Retiro de fevereiro 2020
INÍCIO DA QUARESMA: cinzas que
dão vida
“E o teu Pai, que vê o que está oculto, te dará
a recompensa”
(Mt 6,4)
Com a cerimônia da “imposição das Cinzas”, toda a Igreja dá início ao percurso
Quaresmal. Neste tempo litúrgico, inspirados pelo tema da CF2020, teremos a oportunidade de experimentar um modo diferente de
viver, onde a verdadeira liberdade terá a chance de se expressar.
Quaresma pode ser escola de vida para o restante do
ano; é tempo favorável para “ordenar a própria vida”na direção do sonho
de Deus para toda a humanidade. Para que este processo de “ordenamento”

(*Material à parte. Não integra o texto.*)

Lemma local_bound4 (B : R) : 0 <= B -> B ^+ 4 = 1 + 4 * l + 6 * l ^+ 2 -> local_bound l B 4.
Proof.
move=> B_ge0 B4.
have lX_ge0 k : 0 <= l ^+ k by rewrite exprn_ge0.
move: (lX_ge0 1) (lX_ge0 2) (lX_ge0 3) (lX_ge0 4) (lX_ge0 5) (lX_ge0 6) (lX_ge0 7) (lX_ge0 8)
  (lX_ge0 9) (lX_ge0 10) (lX_ge0 11) (lX_ge0 12) (lX_ge0 13) (lX_ge0 14) (lX_ge0 15)
  (lX_ge0 16); intros.
have [C32 C42 C43] : [/\ 'C(3, 2) = 3, 'C(4, 2) = 6 & 'C(4, 3) = 4]%N by [].
apply: local_bound_shift => s d.
case: s => [|[|[|[|[|s]]]]]; case: d => [|[|[|[|[|d]]]]] //= sd;
  rewrite !big_ord_recr big_ord0 /= /minn /= ?bin0 ?binn ?bin1 /addn /subn /= ?C32 ?C42 ?C43;
  apply: (ler_of_exprn (isT : (0 < 4)%N)); rewrite ?B4; lra.
Qed.
End LocalBound.

Lemma powR_invn_exprn (R : realType) (x : R) (w m : nat) :
  0 <= x -> (x `^ w%:R^-1) ^+ m = x `^ (m%:R / w%:R).
Proof. by move=> x_ge0; rewrite -powR_mulrn ?powR_ge0 // -powRrM mulrC. Qed.

Lemma powR_invnK (R : realType) (x : R) (w : nat) :
  0 <= x -> (0 < w)%N -> (x `^ w%:R^-1) ^+ w = x.
Proof. by move=> x_ge0 w_gt0; rewrite powR_invn_exprn // divff ?powRr1 // pnatr_eq0 -lt0n. Qed.

Theorem theorem3 (R : realType) (w n : nat) (C : {vspace 'rV['F_2]_n}) :
  (1 <= w)%N -> (1 <= n)%N ->
  (exists S : seq 'rV['F_2]_n,
      all (fun v => (hweight v <= w)%N) S /\ C = <<S>>%VS) ->
  (forall i : 'I_n, exists2 c : 'rV['F_2]_n, c \in C & c 0 i != 0) ->
  forall l : R, 0 <= l <= 1 ->
    [/\ QC C l <= (((1 + l) ^+ w) / (1 + l ^+ w)) `^ (n%:R / w%:R),
        (w = 3%N -> QC C l <= (1 + 3 * l) `^ (n%:R / 3)) &
        (w = 4%N -> QC C l <= (1 + 4 * l + 6 * l ^+ 2) `^ (n%:R / 4))].
Proof.
move=> w_gt0 _ [Sg [Sgw ->]] /vsupp_full full l /andP [l_ge0 l_le1].
have QC_le_root x : 0 <= x -> local_bound l (x `^ w%:R^-1) w ->
    QC <<Sg>>%VS l <= x `^ (n%:R / w%:R).
  move=> x_ge0 Hloc; rewrite -powR_invn_exprn //.
  exact: QC_le_local_bound (powR_ge0 _ _) Hloc Sgw full.
split=> [|w3|w4].
- have x_ge0 : 0 <= (1 + l) ^+ w / (1 + l ^+ w).
    by rewrite divr_ge0 ?exprn_ge0 ?addr_ge0 ?exprn_ge0.
  by apply: (QC_le_root _ x_ge0); apply: local_bound_binomial; rewrite ?powR_ge0 ?powR_invnK.
- subst w; have x_ge0 : 0 <= 1 + 3 * l by rewrite addr_ge0 ?mulr_ge0.
  by apply: (QC_le_root _ x_ge0); apply: local_bound3; rewrite ?powR_ge0 ?powR_invnK.
- subst w; have x_ge0 : 0 <= 1 + 4 * l + 6 * l ^+ 2.
    by rewrite !addr_ge0 ?mulr_ge0 ?exprn_ge0.
  by apply: (QC_le_root _ x_ge0); apply: local_bound4; rewrite ?powR_ge0 ?powR_invnK.
Qed.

aconteça, o tempo litúrgico quaresmal nos convida a “considerar” as nossas relações
vitais: com Deus, conosco, com os outros e com o mundo.
Nem sempre
sabemos viver de maneira intensa: conformamo-nos com uma vida estreita,
estéril, fechada ao novo, carregada de “murmurações”... O dinamismo do
Seguimento de Jesus, no entanto, é gerar vida,
possibilitar que o(a) discípulo(a) viva a partir da verdade mais profunda de si
mesmo(a); ou seja, viver a partir do coração.
O seguimento proporciona vigor inesgotável, a vida se destrava e
torna-se potencial de inovação criadora, expressão permanente de liberdade,
consciência, amor, arte, alegria, compaixão....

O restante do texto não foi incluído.